Netanyahu, por meio do formidável exército israelense à sua disposição, enfrentará a realidade de que pode influenciar os termos do acordo político no Líbano e em Gaza, mas não pode reescrever toda a equação geopolítica forçando uma barreira entre os dois.

A Administração Biden-Harris há muito que compreendeu que uma cessar-fogo em Gaza é necessário para desbloquear um acordo no Líbano. O representante do presidente Joe Biden no assunto, Amos Hochstein, passou meses negociando os detalhes de um novo arranjo de segurança para o sul do Líbano que seja aceitável tanto para o establishment militar israelense quanto para o Hezbollah. Inclui a retirada das forças do Hezbollah da fronteira com Israel em troca da redistribuição israelense de alguns pontos de fronteira contestados. Também envolve um mecanismo de monitoramento e execução, uma demanda israelense fundamental, estabelecido pelos EUA e pela França.
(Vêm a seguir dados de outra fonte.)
Fixpoint finitary (phi : formula) : Prop :=
  match phi with
  | fatom _ _ | fdist _ _ => True
  | fneg phi | fhalf phi | finf phi => finitary phi
  | fplus phi psi => finitary phi /\ finitary psi
  | fconj _ => False
  end.

Definition is_atomic (phi : formula) : Prop :=
  match phi with fatom _ _ | fdist _ _ => True | _ => False end.

Definition sentence (phi : formula) : Prop := fclosed 0 phi.

(* Language membership: withC = false means L (no constants of C),        *)
(* withC = true means L(C).                                               *)
Definition in_langT (withC : bool) (t : term) : Prop := withC \/ tnoC t.
Definition in_lang (withC : bool) (phi : formula) : Prop := withC \/ fnoC phi.

Record countable_fragment (withC : bool) (A : formula -> Prop) : Prop := {
  frag_lang : forall phi, A phi -> in_lang withC phi;
  frag_countable : exists e : nat -> formula, forall phi, A phi -> exists n, e n = phi;
  frag_finitary : forall phi, finitary phi -> in_lang withC phi -> A phi;
  frag_neg : forall phi, A phi -> A (fneg phi);
  frag_half : forall phi, A phi -> A (fhalf phi);
  frag_plus : forall phi psi, A phi -> A psi -> A (fplus phi psi);
  frag_inf : forall phi, A phi -> A (finf phi);
  frag_sub_neg : forall phi, A (fneg phi) -> A phi;
  frag_sub_half : forall phi, A (fhalf phi) -> A phi;
  frag_sub_plus : forall phi psi, A (fplus phi psi) -> A phi /\ A psi;
  frag_sub_conj : forall Phi, A (fconj Phi) -> forall n, A (Phi n);
  frag_sub_inf : forall phi, A (finf phi) -> A phi;
  frag_subst : forall phi (s : nat -> term),
      A phi -> (forall n, in_langT withC (s n)) -> A (fsubst s phi) }.

Definition LAC (LA : formula -> Prop) (phi : formula) : Prop :=
  forall A, countable_fragment true A -> (forall psi, LA psi -> A psi) -> A phi.

Definition LAs (LA : formula -> Prop) (phi : formula) : Prop :=
  LAC LA phi /\ sentence phi.
Definition LAas (LA : formula -> Prop) (phi : formula) : Prop :=
  LAC LA phi /\ sentence phi /\ is_atomic phi.

Definition closed_term (t : term) : Prop := tclosed 0 t.

End Syntax.

Arguments tvar {S}.
Arguments tcon {S}.

Section Forcing.
Variables (R : realType) (S : signature) (LA : formula S -> Prop).
(* delta phi = delta_{phi,x}, the modulus of uniform continuity of the      *)
(* atomic formula phi(x) in its variable x                                  *)
Variable delta : formula S -> R -> R.
Variables (P : Type) (le : P -> P -> Prop) (f : P -> formula S -> R).

Record forcing_property : Prop := {
  fp_refl : forall p, le p p;
  fp_trans : forall p q r, le p q -> le q r -> le p r;
  fp_antisym : forall p q, le p q -> le q p -> p = q;
  fp_range : forall p a, LAas LA a -> 0 <= f p a <= 1;
  fp_mono : forall p q a, LAas LA a -> le p q -> f p a <= f q a;
  fp_dense : forall p (eps : R) (tau sigma : term S) (phi : formula S),
      0 < eps -> closed_term tau -> closed_term sigma ->
      is_atomic phi -> fclosed 1 phi -> LAC LA phi ->
      exists q, exists c : nat,
        le q p /\
        f q (fdist tau (tcon c)) < eps /\
        f q (fdist tau sigma) < f p (fdist sigma tau) + eps /\
        (f p (fdist tau sigma) < delta phi eps ->
           f q (inst phi sigma) < f p (inst phi tau) + eps) }.

Definition below (p : P) : set P := [set q | le q p].

(* F evaluated under an environment rho of closed terms for the free       *)
(* variables; on a sentence phi, F_p(phi) := Fenv phi tvar p.  In the       *)
(* inf_x clause, Fenv phi (c .: rho) is F_p of phi(c).                      *)
Fixpoint Fenv (phi : formula S) (rho : nat -> term S) : P -> R :=
  match phi with
  | fatom r a => fun p => f p (fatom (fun k => tsubst rho (a k)))
  | fdist t u => fun p => f p (fdist (tsubst rho t) (tsubst rho u))
  | fneg phi => fun p => 1 - inf [set Fenv phi rho q | q in below p]
  | fhalf phi => fun p => Fenv phi rho p / 2
  | fplus phi psi => fun p => Num.min (Fenv phi rho p + Fenv psi rho p) 1
  | fconj Phi => fun p => inf [set Fenv (Phi n) rho p | n in [set: nat]]
  | finf phi => fun p => inf [set Fenv phi (scons (tcon c) rho) p | c in [set: nat]]
  end.

Definition F (p : P) (phi : formula S) : R := Fenv phi tvar p.

Definition Fw (p : P) (phi : formula S) : R :=
  sup [set inf [set F q' phi | q' in below q] | q in below p].

Definition generic (G : set P) : Prop :=
  (exists p, G p) /\
  (forall p q, G p -> G q -> exists r, G r /\ le r p /\ le r q) /\
  (forall p q, G p -> le p q -> G q) /\
  (forall phi (r : R), LAs LA phi -> 1 < r ->
     exists p, G p /\ F p phi + F p (fneg phi) < r).

Definition valG (G : set P) (phi : formula S) : R := inf [set F p phi | p in G].

End Forcing.

(* Ordinary forcing is monotone: F_q(psi) <= F_p(psi) for q <= p, by induction on psi.
   Hence F^w_p(phi) <= F_p(phi), which gives one inequality.  Conversely, genericity
   yields r in G with F_r(phi) + F_r(~phi) < 1 + e, i.e. F_r(phi) is within e of
   inf_{q <= r} F_q(phi); for p in G pick s in G below p and r, and then
   phi^G <= F_s(phi) <= F_r(phi) < inf_{q <= r} F_q(phi) + e
        <= inf_{q <= s} F_q(phi) + e <= F^w_p(phi) + e. *)
From Pilot Require Import Defs.
From HB Require Import structures.
From mathcomp Require Import all_boot all_order all_algebra.
From mathcomp Require Import boolp classical_sets reals lra.
Set Implicit Arguments.
Unset Strict Implicit.
Unset Printing Implicit Defensive.

Import Order.TTheory GRing.Theory Num.Theory.
Local Open Scope classical_set_scope.
Local Open Scope ring_scope.

Section RealInf.
Variable R : realType.
Implicit Types (A B E : set R).

Lemma inf_le_of_ge0 {E x} : (forall z, E z -> 0 <= z) -> E x -> inf E <= x.
Proof. by move=> E_ge0; apply: ge_inf; exists 0. Qed.

Lemma inf_in01 E : E !=set0 -> (forall z, E z -> 0 <= z <= 1) -> 0 <= inf E <= 1.
Proof.
move=> [x Ex] E01; have E_ge0 z : E z -> 0 <= z by case/E01/andP.
apply/andP; split; first by apply: lb_le_inf; [exists x |].
have /andP[_ x_le1] := E01 x Ex; exact: le_trans (inf_le_of_ge0 E_ge0 Ex) x_le1.
Qed.

Lemma le_inf_subset A B : B !=set0 -> has_lbound A -> B `<=` A -> inf A <= inf B.
Proof. by move=> B0 lbA BA; apply: lb_le_inf => // x /BA; apply: ge_inf. Qed.

Lemma le_inf_image (T : Type) (D : set T) (g h : T -> R) :
  D !=set0 -> has_lbound [set g x | x in D] -> (forall x, D x -> g x <= h x) ->
  inf [set g x | x in D] <= inf [set h x | x in D].
Proof.
move=> [x Dx] lbg gh; apply: lb_le_inf; first by exists (h x), x.
by move=> _ [y Dy <-]; apply: le_trans (gh y Dy); apply: ge_inf => //; exists y.
Qed.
Como tal, a guerra de Israel no Líbano é menos sobre os termos de um acordo do que sobre minar o Irã e colocar o Hamas sob controle em Gaza. Entendendo que é improvável que ele divida os dois, o recuo de Netanyahu é trazer uma pressão militar tão tremenda sobre o Hezbollah que ele, junto com seu patrono iraniano, pressionaria o Hamas a aceitar um cessar-fogo favorável a Israel. Isso permitiria que o Hezbollah seguisse o exemplo sem ser visto abandonando a causa palestina. Altos funcionários dos EUA sugeriram isso nas últimas semanas tanto ao Hezbollah quanto ao Irã, mas sem sucesso.

Não está claro se o Irã e o Hezbollah podem exercer tal influência sobre o líder do Hamas, Yahya Sinwar. Sinwar, cujo paradeiro exato em Gaza são desconhecidos, há muito tempo busca ampliar a guerra Israel-Hamas na esperança de melhorar sua posição militar diminuída. Dada a dramática escalada entre o Hezbollah e Israel, Sinwar provavelmente só endurecerá sua posição de negociação.

Confrontados com o nó górdio de Gaza e do Líbano, e com o plano de Netanyahu de “escalar para desescalar”, a estratégia dos EUA para resolver o conflito entrou em colapso. Biden continua comprometido em ajudar Israel e dissuadir o Irã, mas não há praticamente nenhuma vontade política para pressionar Netanyahu a chegar a um acordo político antes de uma eleição americana muito disputada em novembro.

Abandonado à própria sorte, o Oriente Médio se encontra em um perigoso impasse — um teste violento de vontades e capacidades entre adversários endurecidos, onde ninguém pode vencer. Mais uma vez, o Líbano é o palco de uma tragédia que apenas começou a se desenrolar.